Así que con el lente de mi cámara vi al mundo preocuparse por la Francofonía. Por su lugar en el mundo actual, por el número de personas que lo hablan, por su hegemonía ante otras lenguas. Vi a árabes, asiáticos, latinoamericanos, inuits, africanos, europeos, hablar sobre el francés. Vi al resto de los Embajadores correr para entrevistar a alguien, estar en una esquina de una poblada conferencia tomando notas, e incluso participar como exponentes en alguna. Una tarde de miércoles tuvimos la oportunidad de presentar nuestro trabajo junto al Centro de la Francofonía de las Américas y ahí hablamos todos, incluido yo con mi cámara al cuello, y demostré para sorpresa de muchos que –no solo yo – en Cuba se habla francés y se hace bien.
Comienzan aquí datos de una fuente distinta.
Lemma cwords_complete t l c n : sorted ltn l -> all (fun x => x < n) l ->
  size c = size l -> glue (map t l) c \in cwords t n.
Proof.
elim/last_ind: l c n => [|l x IH] c n Hs Hall Hsz.
  by case: c Hsz => // _; apply: (cwords_sub (leq0n n)); rewrite inE.
case/lastP: c Hsz => [|c a]; first by rewrite size_rcons.
rewrite !size_rcons => -[Hsz]; have [Hs' Hl] := sorted_ltn_rcons Hs.
move: Hall; rewrite all_rcons => /andP[Hxn _].
rewrite map_rcons glue_rcons ?size_map //; apply: (cwords_sub Hxn).
rewrite /= mem_cat; apply/orP; right.
by apply: allpairs_f; [exact: IH | rewrite mem_enum].
Qed.

Definition cword_below (b : nat) (p : seq A) : Prop :=
  exists l c, [/\ sorted ltn l, all (fun n => n < b) l, size c = size l &
    p = glue (map s l) c].

Lemma cword_below_mono b b' p : b <= b' -> cword_below b p -> cword_below b' p.
Proof.
move=> Hb [l [c [Hs Hl Hsz ->]]]; exists l, c; split => //.
by apply/allP => n /(allP Hl); lia.
Qed.

Lemma vspan_interval b e y : vspan s (fun n => (b <= n) && (n < e)) y -> b < e.
Proof.
move=> [[|n l] [d [[Hne _ _ Hl _] _]]] //.
by move: Hl => /= /andP[/andP[Hb He] _]; apply: leq_ltn_trans He.
Qed.
(* Let $1<a_1<a_2$ be coprime integers. There exists $T$ such that for all $t\in(T,\infty)$, $|P(t)|=|\mu_t'(r_0(t))|>\frac{1}{a_2}$. Consequently, the set $\mathcal{T}=\{t\in(1,\infty): |P(t)|>\frac{1}{a_2},\ r_0(t)\in\mathbb{Q}\}$ is dense in some ray $(T,\infty)$ (i.e. $(T,\infty)$ is contained in the closure of $\mathcal{T}$).
   Context: For $t\in[1,\infty)$ and $(u,v)\in\mathbb{R}^2$, $\|(u,v)\|_t=(|u|^t+|v|^t)^{1/t}$. Define $\mu_t(r)=\left\|\left(\frac{1-r}{a_1},\frac{r}{a_2}\right)\right\|_t$ for $r\in[0,1]$, $r_0(t)=\min\{r\in[0,1]:\mu_t(r)=\frac{1}{a_2}\}$, and $P(t)=\mu_t'(r_0(t))$ (derivative in $r$). *)

From Stdlib Require Import Reals ZArith ClassicalEpsilon.
From Coquelicot Require Import Coquelicot.
Open Scope R_scope.

(* x^t for x >= 0 and real t >= 1, with the convention 0^t = 0
   (Stdlib's Rpower 0 t = exp (t * ln 0) = 1 is not the right value). *)
Definition rpow (x t : R) : R :=
  if Req_EM_T x 0 then 0 else Rpower x t.

Definition tnorm (t u v : R) : R :=
  rpow (rpow (Rabs u) t + rpow (Rabs v) t) (1 / t).

Definition mu (a1 a2 : Z) (t r : R) : R :=
  tnorm t ((1 - r) / IZR a1) (r / IZR a2).

Definition is_r0 (a1 a2 : Z) (t r : R) : Prop :=
  0 <= r <= 1 /\ mu a1 a2 t r = 1 / IZR a2 /\
  forall s, 0 <= s <= 1 -> mu a1 a2 t s = 1 / IZR a2 -> r <= s.

(* r_0(t) := the minimum (chosen by Hilbert's epsilon; it exists since
   r = 1 is in the set, which is closed) *)
Definition r0 (a1 a2 : Z) (t : R) : R :=
  epsilon (inhabits 0) (is_r0 a1 a2 t).

Definition P (a1 a2 : Z) (t : R) : R :=
  Derive (mu a1 a2 t) (r0 a1 a2 t).
(* Let $p$ be a prime and let $A$, $B$ be $p$-groups with $|A|=p^a$, $|B|=p^b$, $a,b\ge1$. Suppose the maximum order of an element of $A$ is $p^d$ and the maximum order of an element of $B$ is $p^e$. Then the maximum order of an element of $A\wr B$ is $p^{d+e}$, and for every integer $k$, $$r_{A\wr B,k}=\sum_{i=0}^{e}\left(r_{B,i}-r_{B,i+1}\right)r_{A,k-i}^{\,p^{b-e+i}}.$$
   Context: For a finite $p$-group $G$ with $|G|=p^g$ and maximum element order $p^{f}$, and for $k\in\mathbb{Z}$, define $r_{G,k}=\frac{1}{p^g}\cdot\#\{x\in G:\ \mathrm{order}(x)\le p^{f-k}\}$ (so $r_{G,k}=1$ for $k\le 0$ and $r_{G,k}=0$ for $k>f$). For groups $A,B$, let $K=\prod_{b\in B}A$, on which $B$ acts by $x\cdot(\alpha_b)_b=(\alpha_{x^{-1}b})_b$ for $x\in B$; the wreath product $A\wr B$ is the semidirect product $K\rtimes B$ for this action. *)

From HB Require Import structures.
From mathcomp Require Import all_boot all_order all_algebra all_fingroup.
Set Implicit Arguments. Unset Strict Implicit. Unset Printing Implicit Defensive.
Import GRing.Theory Num.Theory.

(* Wreath product A wr B = K x| B with K = prod_{b in B} A and
   (x . alpha)_b = alpha_{x^-1 b};  (f, x) * (g, y) = (f * (x . g), x * y). *)
Section Wreath.
Variables aT bT : finGroupType.

Definition wreath_type := ({ffun bT -> aT} * bT)%type.
HB.instance Definition _ := Finite.on wreath_type.

Definition wr_act (x : bT) (g : {ffun bT -> aT}) : {ffun bT -> aT} :=
  [ffun b => g (x^-1 * b)%g].

Definition wr_mul (u v : wreath_type) : wreath_type :=
  ([ffun b => (u.1 b * wr_act u.2 v.1 b)%g], (u.2 * v.2)%g).
Definition wr_one : wreath_type := ([ffun _ => 1%g], 1%g).
Definition wr_inv (u : wreath_type) : wreath_type :=
  ([ffun b => (u.1 (u.2 * b)%g)^-1%g], (u.2)^-1%g).

Lemma wr_mulgA : associative wr_mul.
Proof.
move=> [f x] [g y] [h z]; rewrite /wr_mul /wr_act /=; congr (_, _).
  apply/ffunP=> b; rewrite /= !(ffunE (fun _ => _)). rewrite (mulgA (f b)) invMg; congr (_ * h _)%g; exact: mulgA.
exact: mulgA.
Qed.

Lemma wr_mul1g : left_id wr_one wr_mul.
Proof.
move=> [f x]; rewrite /wr_mul /wr_act /=; congr (_, _).
  by apply/ffunP=> b; rewrite /= !(ffunE (fun _ => _)) invg1 !mul1g.
by rewrite mul1g.
Qed.

Lemma wr_mulVg : left_inverse wr_one wr_inv wr_mul.
Proof.
move=> [f x]; rewrite /wr_mul /wr_act /=; congr (_, _).
  by apply/ffunP=> b; rewrite /= !(ffunE (fun _ => _)) invgK mulVg.
by rewrite mulVg.
Qed.

HB.instance Definition _ := Finite_isGroup.Build wreath_type
  wr_mulgA wr_mul1g wr_mulVg.

End Wreath.

Notation "A \wr B" := (wreath_type A B) (at level 40, left associativity).

Definition max_order (gT : finGroupType) : nat := \max_(x : gT) #[x]%g.

Definition r_ratio (p : nat) (gT : finGroupType) (k : int) : rat :=
  let f := logn p (max_order gT) in
  (#|[set x : gT | (#[x]%g%:R <= (p%:R : rat) ^ (f%:Z - k))%R]|%:R
     / #|gT|%:R)%R.

From HB Require Import structures.
From mathcomp Require Import all_boot all_order all_algebra all_fingroup.
From mathcomp Require Import all_solvable zify ring.
Set Implicit Arguments. Unset Strict Implicit. Unset Printing Implicit Defensive.
Import GRing.Theory Num.Theory.

(* An element (f, x) of A \wr B satisfies (f, x)^(#[x] q) = (y |-> N_y^q, 1),
   where N_y is the product of f along the <x>-coset of y starting at y; moving
   the starting point along the coset conjugates N_y.  For a transversal T of
   the |B|/#[x] cosets, replacing f by N on T is a bijection of the base group,
   so the proportion of f with (f, x)^(p^c) = 1 is the proportion of a in A with
   a^(p^(c-j)) = 1, raised to the power |B|/#[x] = p^(b-j), where #[x] = p^j.
   Averaging over x, grouped by j, gives the formula for r.  The maximal order
   is attained by an x of order p^e together with an f supported at 1 by an
   element of order p^d. *)

Lemma card_set_prod (I J : finType) (P : pred (I * J)) :
  #|[set u | P u]| = (\sum_(j : J) #|[set i | P (i, j)]|)%N.
Proof.
transitivity (\sum_(u : I * J) (if P u then 1 else 0))%N.
  by rewrite -sum1_card big_mkcond; apply: eq_bigr => u _; rewrite inE.
transitivity (\sum_(i : I) \sum_(j : J) (if P (i, j) then 1 else 0))%N.
  by rewrite pair_bigA; apply: eq_bigr => -[].
rewrite exchange_big; apply: eq_bigr => j _.
by rewrite -sum1_card [RHS]big_mkcond; apply: eq_bigr => i _; rewrite inE.
Qed.
Definition completely_alternating (phi : L -> R) : Prop :=
  forall (bs : seq L), (0 < size bs)%N -> forall x : L, dual_diffs bs phi x <= 0.

Definition upclosure (A : {set L}) : {set L} :=
  [set x | [exists a in A, (a <= x)%O]].

(* membership in the lattice cal L of nonempty up-sets *)
Definition is_upset (U : {set L}) : bool :=
  (U != set0) && [forall x, forall y, (x \in U) && (x <= y)%O ==> (y \in U)].

(* In cal L (order: U <= V iff U \supseteq V) the meet is the union, so
   Delta_U Phi (W) = Phi W - Phi (W \wedge U) = Phi W - Phi (W :|: U). *)
Definition up_diff (U : {set L}) (Phi : {set L} -> R) : {set L} -> R :=
  fun W => Phi W - Phi (W :|: U).

Definition up_diffs (Us : seq {set L}) (Phi : {set L} -> R) : {set L} -> R :=
  foldl (fun G U => up_diff U G) Phi Us.

Definition completely_monotone (Phi : {set L} -> R) : Prop :=
  (forall W, is_upset W -> 0 <= Phi W) /\
  (forall Us : seq {set L}, (0 < size Us)%N -> all is_upset Us ->
     forall W, is_upset W -> 0 <= up_diffs Us Phi W).

(* F is the Moebius inverse of Phi on cal L:
   Phi U = sum_{V in cal L, V <= U (i.e. V \supseteq U)} F V *)
Definition mobius_inverse (Phi F : {set L} -> R) : Prop :=
  forall U, is_upset U ->
    Phi U = \sum_(V : {set L} | is_upset V && (U \subset V)) F V.

Definition co_principal (U : {set L}) : Prop :=
  exists c : L, ~: U = [set y | (y <= c)%O].

End Defs.

(* Since [Phi] is completely
   monotone, its Moebius inverse [F] is nonnegative on every up-set other than
   [L]; iterated differences of [Phi] along principal up-sets are sums of [F]
   over the up-sets avoiding them.  The pair formula (ii) says exactly that the
   second difference along [up1 a], [up1 b] vanishes at [up1 (a `|` b)]; by
   complete monotonicity it then vanishes at every smaller up-set, which makes
   [U |-> Phi (A :|: U)] modular on principal up-sets.  This gives, on the one
   hand, [dual_diffs bs phi y = Phi (A :|: up1 y) - Phi A] for some up-set [A],
   hence complete alternation, and on the other hand [F V = 0] whenever some
   [a, b] outside [V] have their join in [V]; an up-set whose complement is
   closed under joins is co-principal.  Conversely, if [F] lives on
   co-principal up-sets, then (ii) follows from the identity
   [(a `|` b \in V) = (a \in V) || (b \in V)] for such [V]. *)
From HB Require Import structures.
From mathcomp Require Import all_boot all_order all_algebra.
From mathcomp Require Import reals.
From mathcomp Require Import lra.
Set Implicit Arguments. Unset Strict Implicit. Unset Printing Implicit Defensive.
Import Order.TTheory GRing.Theory Num.Theory.
Local Open Scope ring_scope.

Section UpSets.
Variables (d : Order.disp_t) (L : finTBLatticeType d).
Implicit Types (U V W : {set L}) (x y a b : L).

Definition up1 x : {set L} := upclosure [set x].

Lemma in_up1 x y : (y \in up1 x) = (x <= y)%O.
Proof.
rewrite inE; apply/existsP/idP => [[z /andP[/set1P-> //]] | xy].
by exists x; rewrite set11.
Qed.

Lemma upsetP U x y : is_upset U -> x \in U -> (x <= y)%O -> y \in U.
Proof.
case/andP=> _ /forallP/(_ x)/forallP/(_ y) xyU xU le_xy.
by rewrite xU le_xy in xyU.
Qed.

Lemma up1_upset x : is_upset (up1 x).
Proof.
apply/andP; split; first by apply/set0Pn; exists x; rewrite in_up1.
apply/forallP=> y; apply/forallP=> z; apply/implyP=> /andP[].
by rewrite !in_up1; apply: le_trans.
Qed.

Lemma setU_upset U V : is_upset U -> is_upset V -> is_upset (U :|: V).
Proof.
move=> hU hV; apply/andP; split.
  by case/andP: hU => /set0Pn[x xU] _; apply/set0Pn; exists x; rewrite inE xU.
apply/forallP=> y; apply/forallP=> z; apply/implyP=> /andP[].
by rewrite !inE => /orP[] yW le_yz; apply/orP; [left|right];
  apply: upsetP le_yz.
Qed.

Lemma up1_subset x V : is_upset V -> (up1 x \subset V) = (x \in V).
Proof.
move=> hV; apply/subsetP/idP => [-> // | xV y]; first by rewrite in_up1.
by rewrite in_up1; apply: upsetP.
Qed.

Lemma upclosure2 a b : upclosure [set a; b] = up1 a :|: up1 b.
Proof.
apply/setP=> y; rewrite inE in_setU !in_up1.
apply/existsP/orP => [[z /andP[/set2P[]-> ->]] | [ay | yb]]; [by left | by right | |].
- by exists a; rewrite ay set21.
- by exists b; rewrite yb set22.
Qed.

Lemma up1_bot : up1 \bot%O = [set: L].
Proof. by apply/setP=> y; rewrite in_up1 le0x inE. Qed.

Lemma setT_upset : is_upset [set: L].
Proof. by rewrite -up1_bot up1_upset. Qed.

Lemma up1_joinl a b : up1 (a `|` b)%O \subset up1 a.
Proof. by apply/subsetP=> y; rewrite !in_up1 leUx => /andP[]. Qed.

Lemma up1_joinr a b : up1 (a `|` b)%O \subset up1 b.
Proof. by apply/subsetP=> y; rewrite !in_up1 leUx => /andP[]. Qed.

Lemma co_principal_setC_join_closed U :
  is_upset U -> U != setT ->
  (forall a b, a \notin U -> b \notin U -> (a `|` b)%O \notin U) ->
  co_principal U.
Proof.
move=> hU UnT join_closed.
have botU : (\bot%O : L) \notin U.
  apply: contra UnT => botU; apply/eqP/setP=> y; rewrite inE.
  exact: upsetP botU (le0x y).
pose c := (\join_(y in ~: U) y)%O.
have cU : c \notin U.
  by apply: (big_ind (fun z => z \notin U)) => // y; rewrite in_setC.
exists c; apply/setP=> y; rewrite in_setC inE.
apply/idP/idP => [yU | le_yc]; first by apply: joins_sup; rewrite in_setC.
by apply: contra cU => yU; apply: upsetP le_yc.
Qed.

Lemma co_principal_join U a b :
  co_principal U -> ((a `|` b)%O \in U) = (a \in U) || (b \in U).
Proof.
case=> c /setP defU; have memU y : (y \in U) = ~~ (y <= c)%O.
  by have := defU y; rewrite in_setC inE => <-; rewrite negbK.
by rewrite !memU leUx negb_and.
Qed.

End UpSets.

Section Mobius.
Variables (d : Order.disp_t) (L : finTBLatticeType d) (R : realType).
Variables (Phi F : {set L} -> R).
Hypothesis PhiF : mobius_inverse Phi F.

Lemma up_diffs_mobius Ws U : all (@is_upset _ L) Ws -> is_upset U ->
  up_diffs Ws Phi U =
  \sum_(V | is_upset V && (U \subset V) &&
            all (fun W : {set L} => ~~ (W \subset V)) Ws) F V.
Proof.
elim/last_ind: Ws U => [|Ws W IH] U.
  by move=> _ hU; rewrite /= PhiF //; apply: eq_bigl => V; rewrite andbT.
rewrite all_rcons => /andP[hW hWs] hU.
rewrite /up_diffs foldl_rcons -/(up_diffs Ws Phi) /up_diff.
rewrite !IH //; last exact: setU_upset.
apply/eqP; rewrite subr_eq.
rewrite [X in X == _](bigID (fun V : {set L} => W \subset V)) /= addrC.
apply/eqP; congr (_ + _); apply: eq_bigl => V; rewrite ?all_rcons ?subUset;
  by case: is_upset (U \subset V) (W \subset V) (all _ Ws) => [] [] [] [].
Qed.

Hypothesis PhiCM : completely_monotone Phi.

Lemma mobius_ge0 U : is_upset U -> U != setT -> 0 <= F U.
Proof.
move=> hU UnT; pose Ws := [seq up1 m | m <- enum (~: U)].
have upWs : all (@is_upset _ L) Ws.
  by apply/allP=> W /mapP[m _ ->]; apply: up1_upset.
have Ws_gt0 : (0 < size Ws)%N.
  rewrite size_map -cardE card_gt0.
  by apply: contraNneq UnT => CU0; rewrite -(setCK U) CU0 setC0.
suff <- : up_diffs Ws Phi U = F U by apply: PhiCM.2.
rewrite up_diffs_mobius // (big_pred1 U) // => V /=.
apply/idP/eqP => [/andP[/andP[hV sUV] avoid] | ->].
  apply/eqP; rewrite eqEsubset sUV andbT; apply/subsetP=> m mV.
  apply/negPn/negP=> mU.
  have : up1 m \in Ws by apply: map_f; rewrite mem_enum in_setC.
  by move/(allP avoid); rewrite up1_subset // mV.
rewrite hU subxx; apply/allP=> W /mapP[m + ->].
by rewrite mem_enum in_setC up1_subset.
Qed.

End Mobius.

Section MobiusExistence.
Variables (d : Order.disp_t) (L : finTBLatticeType d) (R : realType).
Variable Phi : {set L} -> R.

(* After [#|~: U|] rounds the recursion no longer changes at [U]. *)
Fixpoint mobius_iter (n : nat) (U : {set L}) : R :=
  if n is n'.+1 then
    Phi U - \sum_(V | is_upset V && (U \proper V)) mobius_iter n' V
  else Phi U.

Lemma mobius_iter_stable n U :
  (#|~: U| <= n)%N -> mobius_iter n.+1 U = mobius_iter n U.
Proof.
elim: n U => [|n IH] U CU_le.
  have -> : U = setT.
    by move: CU_le; rewrite leqn0 cards_eq0 => /eqP CU0; rewrite -(setCK U) CU0 setC0.
  by rewrite /= big_pred0 ?subr0 // => V; rewrite properEneq subTset eq_sym andNb andbF.
rewrite [LHS]/= [RHS]/=; congr (_ - _); apply: eq_bigr => V /andP[_ UV].
apply: IH; rewrite -ltnS; apply: leq_trans CU_le.
by apply: proper_card; rewrite properC.
Qed.

Definition mobius_of (U : {set L}) : R := mobius_iter #|L|.+1 U.

Lemma mobius_ofE U :
  mobius_of U = Phi U - \sum_(V | is_upset V && (U \proper V)) mobius_of V.
Proof.
rewrite {1}/mobius_of [LHS]/=; congr (_ - _); apply: eq_bigr => V _.
by rewrite /mobius_of mobius_iter_stable // max_card.
Qed.

Lemma mobius_of_inverse : mobius_inverse Phi mobius_of.
Proof.
move=> U hU; rewrite (bigD1 U) /=; last by rewrite hU subxx.
rewrite [mobius_of U]mobius_ofE (eq_bigl (fun V => is_upset V && (U \proper V))).
  by rewrite subrK.
by move=> V; rewrite properEneq (eq_sym U V) (andbC (V != U)) andbA.
Qed.

End MobiusExistence.

Section PairFormula.
Variables (d : Order.disp_t) (L : finTBLatticeType d) (R : realType).
Variables (phi : L -> R) (Phi : {set L} -> R).
Hypothesis PhiCM : completely_monotone Phi.
Hypothesis Phi_up1 : forall x : L, Phi (upclosure [set x]) = phi x.
Hypothesis pair_formula : forall a b : L,
  Phi (upclosure [set a; b]) = phi a + phi b - phi (a `|` b)%O.

Lemma Phi_setU_le U V : is_upset U -> is_upset V -> Phi (U :|: V) <= Phi U.
Proof.
move=> hU hV; have := PhiCM.2 [:: V] isT _ U hU.
by rewrite /= hV /up_diff subr_ge0; apply.
Qed.

Lemma up_diffs2_up1_join x b : up_diffs [:: up1 x; up1 b] Phi (up1 (x `|` b)%O) = 0.
Proof.
rewrite /up_diffs /= /up_diff.
rewrite (setUidPr (up1_joinl x b)) (setUidPr (up1_joinr x b)).
by rewrite -upclosure2 pair_formula /up1 !Phi_up1 joinC; lra.
Qed.

(* The third difference along [A] is nonnegative and equals minus the left-hand
   side, since the second difference vanishes at [up1 (x `|` b)]. *)
Lemma up_diffs2_setU_up1_join x b A : is_upset A ->
  up_diffs [:: up1 x; up1 b] Phi (A :|: up1 (x `|` b)%O) = 0.
Proof.
move=> hA; apply/eqP; rewrite eq_le; apply/andP; split; last first.
  by apply: PhiCM.2; rewrite //= ?setU_upset ?up1_upset.
have := PhiCM.2 [:: up1 x; up1 b; A] isT _ (up1 (x `|` b)%O) (up1_upset _).
rewrite /= !up1_upset hA => /(_ isT).
have := up_diffs2_up1_join x b.
by rewrite /up_diffs /= /up_diff (setUC _ A) => ->; lra.
Qed.

Lemma Phi_setU_up1_modular A x b : is_upset A ->
  Phi (A :|: up1 x) + Phi (A :|: up1 b) =
  Phi (A :|: up1 x :|: up1 b) + Phi (A :|: up1 (x `|` b)%O).
Proof.
move=> hA; have := up_diffs2_setU_up1_join x b hA.
rewrite /up_diffs /= /up_diff -!setUA (setUidPr (up1_joinl x b)).
by rewrite (setUA (up1 _)) (setUidPr (up1_joinr x b)) (setUC (up1 b)); lra.
Qed.

Lemma dual_diffs_upset bs : (0 < size bs)%N -> exists2 A, is_upset A &
  forall y, dual_diffs bs phi y = Phi (A :|: up1 y) - Phi A.
Proof.
elim/last_ind: bs => [// | [|b0 bs] b IH] _.
  exists (up1 b) => [|y]; first exact: up1_upset.
  by rewrite /dual_diffs /= /dual_diff setUC -upclosure2 pair_formula /up1 !Phi_up1; lra.
have [A hA defA] := IH isT.
exists (A :|: up1 b) => [|y]; first by rewrite setU_upset ?up1_upset.
rewrite /dual_diffs foldl_rcons -/(dual_diffs _ phi) /dual_diff !defA.
by have := Phi_setU_up1_modular y b hA; rewrite setUAC; lra.
Qed.

Lemma completely_alternating_of_pair_formula : completely_alternating phi.
Proof.
move=> bs bs_gt0 y; have [A hA ->] := dual_diffs_upset bs_gt0.
by rewrite subr_le0 Phi_setU_le ?up1_upset.
Qed.

Variable F : {set L} -> R.
Hypothesis PhiF : mobius_inverse Phi F.

Lemma mobius_eq0_join U a b : is_upset U -> a \notin U -> b \notin U ->
  (a `|` b)%O \in U -> F U = 0.
Proof.
move=> hU aU bU abU; have := up_diffs2_setU_up1_join a b hU.
rewrite (setUidPl _) ?up1_subset // (up_diffs_mobius PhiF) //=;
  last by rewrite !up1_upset.
move/psumr_eq0P; apply; last by rewrite hU subxx !(up1_subset _ hU) aU bU.
move=> V /andP[/andP[hV _] /andP[aV _]]; apply: (mobius_ge0 PhiF PhiCM hV).
by apply: contraNneq aV => ->; apply: subsetT.
Qed.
Entonces me sentí reconciliado con mi amor, al hablar de él en un contexto internacional frente a otros amantes de la lengua.

Al terminar el Fórum, como regalo (como si el invitarnos no fuera un regalo ya) nos llevaron a los Embajadores a hacer rafting a un río a una hora al norte de Québec. El rafting es toda una aventura en balsa por los rápidos y paisajes de la zona. No hubo algo más trepidante y divertido en este mundo. Pero a pesar de la fiesta, nuestro estado de ánimo nostálgico, propio del último día, ya se iba sintiendo. Al final, ya bañados y peinados, en mesas de madera frente a un río de calendario, hablamos de nuestro amor por lo que hacemos y de cómo no lo abandonaremos, seamos francófonos o no. Nos dimos un aplauso colectivo y nos tiramos por el piso (es el nuevo lema sumado a los tres aplausos ya característicos).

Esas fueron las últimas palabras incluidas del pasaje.